[Stored dataset items]

========================================

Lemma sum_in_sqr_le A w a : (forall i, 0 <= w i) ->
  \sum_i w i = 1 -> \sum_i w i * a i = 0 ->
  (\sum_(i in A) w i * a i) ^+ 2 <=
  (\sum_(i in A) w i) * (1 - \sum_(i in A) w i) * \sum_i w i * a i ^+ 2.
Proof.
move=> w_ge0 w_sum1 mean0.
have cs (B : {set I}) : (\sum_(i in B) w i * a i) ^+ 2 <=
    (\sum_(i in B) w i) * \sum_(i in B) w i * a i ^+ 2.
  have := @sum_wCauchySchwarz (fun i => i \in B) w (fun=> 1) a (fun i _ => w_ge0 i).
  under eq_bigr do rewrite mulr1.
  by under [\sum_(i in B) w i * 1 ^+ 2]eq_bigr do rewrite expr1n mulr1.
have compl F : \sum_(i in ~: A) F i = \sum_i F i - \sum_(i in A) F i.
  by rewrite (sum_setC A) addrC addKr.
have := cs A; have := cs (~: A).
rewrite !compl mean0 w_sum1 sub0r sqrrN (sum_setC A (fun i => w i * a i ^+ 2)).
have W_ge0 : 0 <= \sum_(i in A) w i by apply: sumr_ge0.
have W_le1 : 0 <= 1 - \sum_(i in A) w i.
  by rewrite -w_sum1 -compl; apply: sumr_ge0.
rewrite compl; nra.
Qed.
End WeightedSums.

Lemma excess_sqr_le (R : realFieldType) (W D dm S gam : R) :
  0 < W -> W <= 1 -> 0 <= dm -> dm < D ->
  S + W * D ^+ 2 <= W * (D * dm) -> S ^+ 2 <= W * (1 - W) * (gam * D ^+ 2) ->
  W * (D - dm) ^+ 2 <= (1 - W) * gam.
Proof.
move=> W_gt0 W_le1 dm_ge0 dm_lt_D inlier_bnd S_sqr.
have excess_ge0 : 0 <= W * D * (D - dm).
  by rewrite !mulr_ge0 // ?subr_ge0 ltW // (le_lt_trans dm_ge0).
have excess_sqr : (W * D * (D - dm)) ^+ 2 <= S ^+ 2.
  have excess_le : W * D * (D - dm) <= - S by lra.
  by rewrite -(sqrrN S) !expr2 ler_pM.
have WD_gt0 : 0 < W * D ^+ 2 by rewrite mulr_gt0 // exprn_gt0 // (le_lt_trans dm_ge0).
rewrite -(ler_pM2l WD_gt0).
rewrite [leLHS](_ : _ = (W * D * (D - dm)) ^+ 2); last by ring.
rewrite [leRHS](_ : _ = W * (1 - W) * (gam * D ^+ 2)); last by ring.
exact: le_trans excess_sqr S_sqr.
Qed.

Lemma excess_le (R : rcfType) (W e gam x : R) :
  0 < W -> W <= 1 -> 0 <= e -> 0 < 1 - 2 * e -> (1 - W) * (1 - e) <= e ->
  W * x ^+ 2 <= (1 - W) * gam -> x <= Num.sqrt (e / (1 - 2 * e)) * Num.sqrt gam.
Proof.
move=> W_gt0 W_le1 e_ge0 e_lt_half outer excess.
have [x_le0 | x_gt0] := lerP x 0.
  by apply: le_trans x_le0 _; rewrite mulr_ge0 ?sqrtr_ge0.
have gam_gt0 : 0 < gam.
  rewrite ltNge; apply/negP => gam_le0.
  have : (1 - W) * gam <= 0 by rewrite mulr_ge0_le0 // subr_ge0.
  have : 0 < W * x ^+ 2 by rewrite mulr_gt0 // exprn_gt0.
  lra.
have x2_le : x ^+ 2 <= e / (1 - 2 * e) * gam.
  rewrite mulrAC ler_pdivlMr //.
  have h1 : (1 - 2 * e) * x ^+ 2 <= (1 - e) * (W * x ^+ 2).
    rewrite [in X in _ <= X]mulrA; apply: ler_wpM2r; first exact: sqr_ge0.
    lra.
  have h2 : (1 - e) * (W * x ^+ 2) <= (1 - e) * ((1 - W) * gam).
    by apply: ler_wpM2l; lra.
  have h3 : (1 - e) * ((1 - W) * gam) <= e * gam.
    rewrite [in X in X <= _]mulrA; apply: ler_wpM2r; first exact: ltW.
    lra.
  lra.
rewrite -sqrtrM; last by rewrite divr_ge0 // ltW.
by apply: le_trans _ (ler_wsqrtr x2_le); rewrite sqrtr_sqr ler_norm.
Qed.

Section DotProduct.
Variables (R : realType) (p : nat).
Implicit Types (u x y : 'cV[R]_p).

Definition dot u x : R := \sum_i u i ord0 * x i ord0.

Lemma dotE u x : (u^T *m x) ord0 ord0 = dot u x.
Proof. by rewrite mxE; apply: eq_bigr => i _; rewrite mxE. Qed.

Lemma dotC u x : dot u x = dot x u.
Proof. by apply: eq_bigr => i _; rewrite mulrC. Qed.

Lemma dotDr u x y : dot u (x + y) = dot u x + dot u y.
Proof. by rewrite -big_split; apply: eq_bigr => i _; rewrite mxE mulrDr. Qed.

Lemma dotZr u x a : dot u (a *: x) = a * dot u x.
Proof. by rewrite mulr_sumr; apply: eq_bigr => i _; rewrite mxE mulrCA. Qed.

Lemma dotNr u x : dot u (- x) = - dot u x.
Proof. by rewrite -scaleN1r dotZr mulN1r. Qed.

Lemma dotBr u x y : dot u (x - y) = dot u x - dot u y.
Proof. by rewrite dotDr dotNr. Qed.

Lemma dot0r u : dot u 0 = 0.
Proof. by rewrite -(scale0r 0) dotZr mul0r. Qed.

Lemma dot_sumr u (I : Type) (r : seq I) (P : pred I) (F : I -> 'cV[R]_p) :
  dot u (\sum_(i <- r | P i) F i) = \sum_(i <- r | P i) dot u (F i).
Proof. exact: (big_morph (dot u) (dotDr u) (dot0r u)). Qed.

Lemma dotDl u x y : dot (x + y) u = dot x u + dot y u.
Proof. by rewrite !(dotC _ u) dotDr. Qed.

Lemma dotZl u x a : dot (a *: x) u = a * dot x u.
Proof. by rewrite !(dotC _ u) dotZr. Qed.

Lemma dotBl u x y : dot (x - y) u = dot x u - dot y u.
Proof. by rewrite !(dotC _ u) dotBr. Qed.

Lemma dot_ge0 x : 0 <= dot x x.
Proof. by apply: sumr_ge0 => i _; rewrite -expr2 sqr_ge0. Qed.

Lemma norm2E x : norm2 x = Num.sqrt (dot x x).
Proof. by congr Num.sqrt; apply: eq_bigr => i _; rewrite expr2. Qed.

========================================

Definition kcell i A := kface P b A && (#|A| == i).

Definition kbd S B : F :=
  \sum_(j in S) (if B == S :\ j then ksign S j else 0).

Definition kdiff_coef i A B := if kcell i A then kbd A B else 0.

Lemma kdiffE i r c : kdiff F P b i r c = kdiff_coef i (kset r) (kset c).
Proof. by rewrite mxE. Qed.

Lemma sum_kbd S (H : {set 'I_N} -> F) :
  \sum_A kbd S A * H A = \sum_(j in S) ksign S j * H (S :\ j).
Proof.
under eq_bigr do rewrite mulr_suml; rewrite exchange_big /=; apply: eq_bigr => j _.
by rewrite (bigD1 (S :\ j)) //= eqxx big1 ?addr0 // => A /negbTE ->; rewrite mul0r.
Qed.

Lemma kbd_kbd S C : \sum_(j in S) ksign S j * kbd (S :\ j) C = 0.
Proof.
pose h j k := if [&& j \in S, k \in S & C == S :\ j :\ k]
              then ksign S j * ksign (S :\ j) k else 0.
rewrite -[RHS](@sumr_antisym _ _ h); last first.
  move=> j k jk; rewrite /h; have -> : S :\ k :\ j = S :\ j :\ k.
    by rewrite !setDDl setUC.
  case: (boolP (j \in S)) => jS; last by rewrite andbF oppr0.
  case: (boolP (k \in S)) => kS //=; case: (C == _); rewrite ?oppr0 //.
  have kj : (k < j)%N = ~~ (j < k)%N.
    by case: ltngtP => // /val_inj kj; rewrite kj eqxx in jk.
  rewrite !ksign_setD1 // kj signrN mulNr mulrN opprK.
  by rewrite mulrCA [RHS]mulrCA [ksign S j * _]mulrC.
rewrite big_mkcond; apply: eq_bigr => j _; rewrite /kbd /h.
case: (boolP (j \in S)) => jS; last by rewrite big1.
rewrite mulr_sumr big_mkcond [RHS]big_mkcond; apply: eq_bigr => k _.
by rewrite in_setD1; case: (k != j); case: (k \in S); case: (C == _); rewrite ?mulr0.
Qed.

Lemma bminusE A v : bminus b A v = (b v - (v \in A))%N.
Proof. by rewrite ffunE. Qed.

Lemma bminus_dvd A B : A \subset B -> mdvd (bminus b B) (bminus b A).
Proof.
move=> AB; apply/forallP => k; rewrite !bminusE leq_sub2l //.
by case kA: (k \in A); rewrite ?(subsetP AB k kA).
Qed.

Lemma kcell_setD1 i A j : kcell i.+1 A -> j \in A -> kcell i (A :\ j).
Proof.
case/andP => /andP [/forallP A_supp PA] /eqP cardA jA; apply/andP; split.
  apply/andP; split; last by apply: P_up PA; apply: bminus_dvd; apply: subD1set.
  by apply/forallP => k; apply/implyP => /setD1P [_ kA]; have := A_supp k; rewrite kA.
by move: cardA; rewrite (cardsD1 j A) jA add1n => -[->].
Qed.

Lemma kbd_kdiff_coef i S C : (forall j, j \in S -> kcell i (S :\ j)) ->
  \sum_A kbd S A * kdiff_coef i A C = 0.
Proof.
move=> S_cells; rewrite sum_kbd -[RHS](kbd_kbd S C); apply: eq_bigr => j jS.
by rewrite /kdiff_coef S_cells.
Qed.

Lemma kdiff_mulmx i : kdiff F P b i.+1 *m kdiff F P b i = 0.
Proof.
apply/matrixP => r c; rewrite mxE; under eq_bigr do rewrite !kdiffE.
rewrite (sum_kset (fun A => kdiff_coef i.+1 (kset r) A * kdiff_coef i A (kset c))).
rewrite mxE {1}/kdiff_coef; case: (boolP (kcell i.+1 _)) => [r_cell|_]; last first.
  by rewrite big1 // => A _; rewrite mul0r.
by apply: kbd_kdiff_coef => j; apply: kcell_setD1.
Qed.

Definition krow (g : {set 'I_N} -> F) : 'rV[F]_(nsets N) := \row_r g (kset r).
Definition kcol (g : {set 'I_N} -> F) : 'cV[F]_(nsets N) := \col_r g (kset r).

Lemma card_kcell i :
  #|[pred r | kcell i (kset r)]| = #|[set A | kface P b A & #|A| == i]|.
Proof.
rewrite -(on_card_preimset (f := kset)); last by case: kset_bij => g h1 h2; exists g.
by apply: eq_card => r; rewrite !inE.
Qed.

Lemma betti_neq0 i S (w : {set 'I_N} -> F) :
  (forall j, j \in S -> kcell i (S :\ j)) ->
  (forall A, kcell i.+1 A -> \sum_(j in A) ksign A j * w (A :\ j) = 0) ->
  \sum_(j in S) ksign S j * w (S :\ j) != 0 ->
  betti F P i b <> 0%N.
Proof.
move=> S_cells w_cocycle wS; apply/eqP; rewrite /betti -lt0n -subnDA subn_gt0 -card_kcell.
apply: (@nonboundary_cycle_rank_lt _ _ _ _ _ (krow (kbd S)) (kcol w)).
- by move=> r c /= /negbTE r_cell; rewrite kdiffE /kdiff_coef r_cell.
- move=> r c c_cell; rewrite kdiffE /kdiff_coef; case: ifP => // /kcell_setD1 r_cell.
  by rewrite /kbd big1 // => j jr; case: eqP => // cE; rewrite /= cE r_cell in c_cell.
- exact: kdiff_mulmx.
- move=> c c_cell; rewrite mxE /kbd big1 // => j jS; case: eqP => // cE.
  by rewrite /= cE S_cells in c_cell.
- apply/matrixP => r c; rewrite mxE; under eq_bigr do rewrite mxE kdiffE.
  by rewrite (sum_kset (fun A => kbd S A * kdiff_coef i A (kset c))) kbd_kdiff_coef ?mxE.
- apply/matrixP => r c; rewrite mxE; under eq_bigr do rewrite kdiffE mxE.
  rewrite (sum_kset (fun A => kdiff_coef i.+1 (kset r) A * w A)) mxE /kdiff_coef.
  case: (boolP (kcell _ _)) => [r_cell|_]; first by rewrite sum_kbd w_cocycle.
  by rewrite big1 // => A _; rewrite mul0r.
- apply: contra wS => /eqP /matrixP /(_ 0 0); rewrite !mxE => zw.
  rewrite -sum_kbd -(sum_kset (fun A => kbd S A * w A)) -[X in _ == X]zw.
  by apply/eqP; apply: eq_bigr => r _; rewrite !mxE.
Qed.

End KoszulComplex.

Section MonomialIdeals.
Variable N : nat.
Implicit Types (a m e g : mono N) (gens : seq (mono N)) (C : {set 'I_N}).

========================================

WORK ORDER — The lines needed are those in the data above that hold the string "dotBr"; copy each of them.

YOUR SOLUTION —
Lemma dotBr u x y : dot u (x - y) = dot u x - dot u y.
Proof. by rewrite !(dotC _ u) dotBr. Qed.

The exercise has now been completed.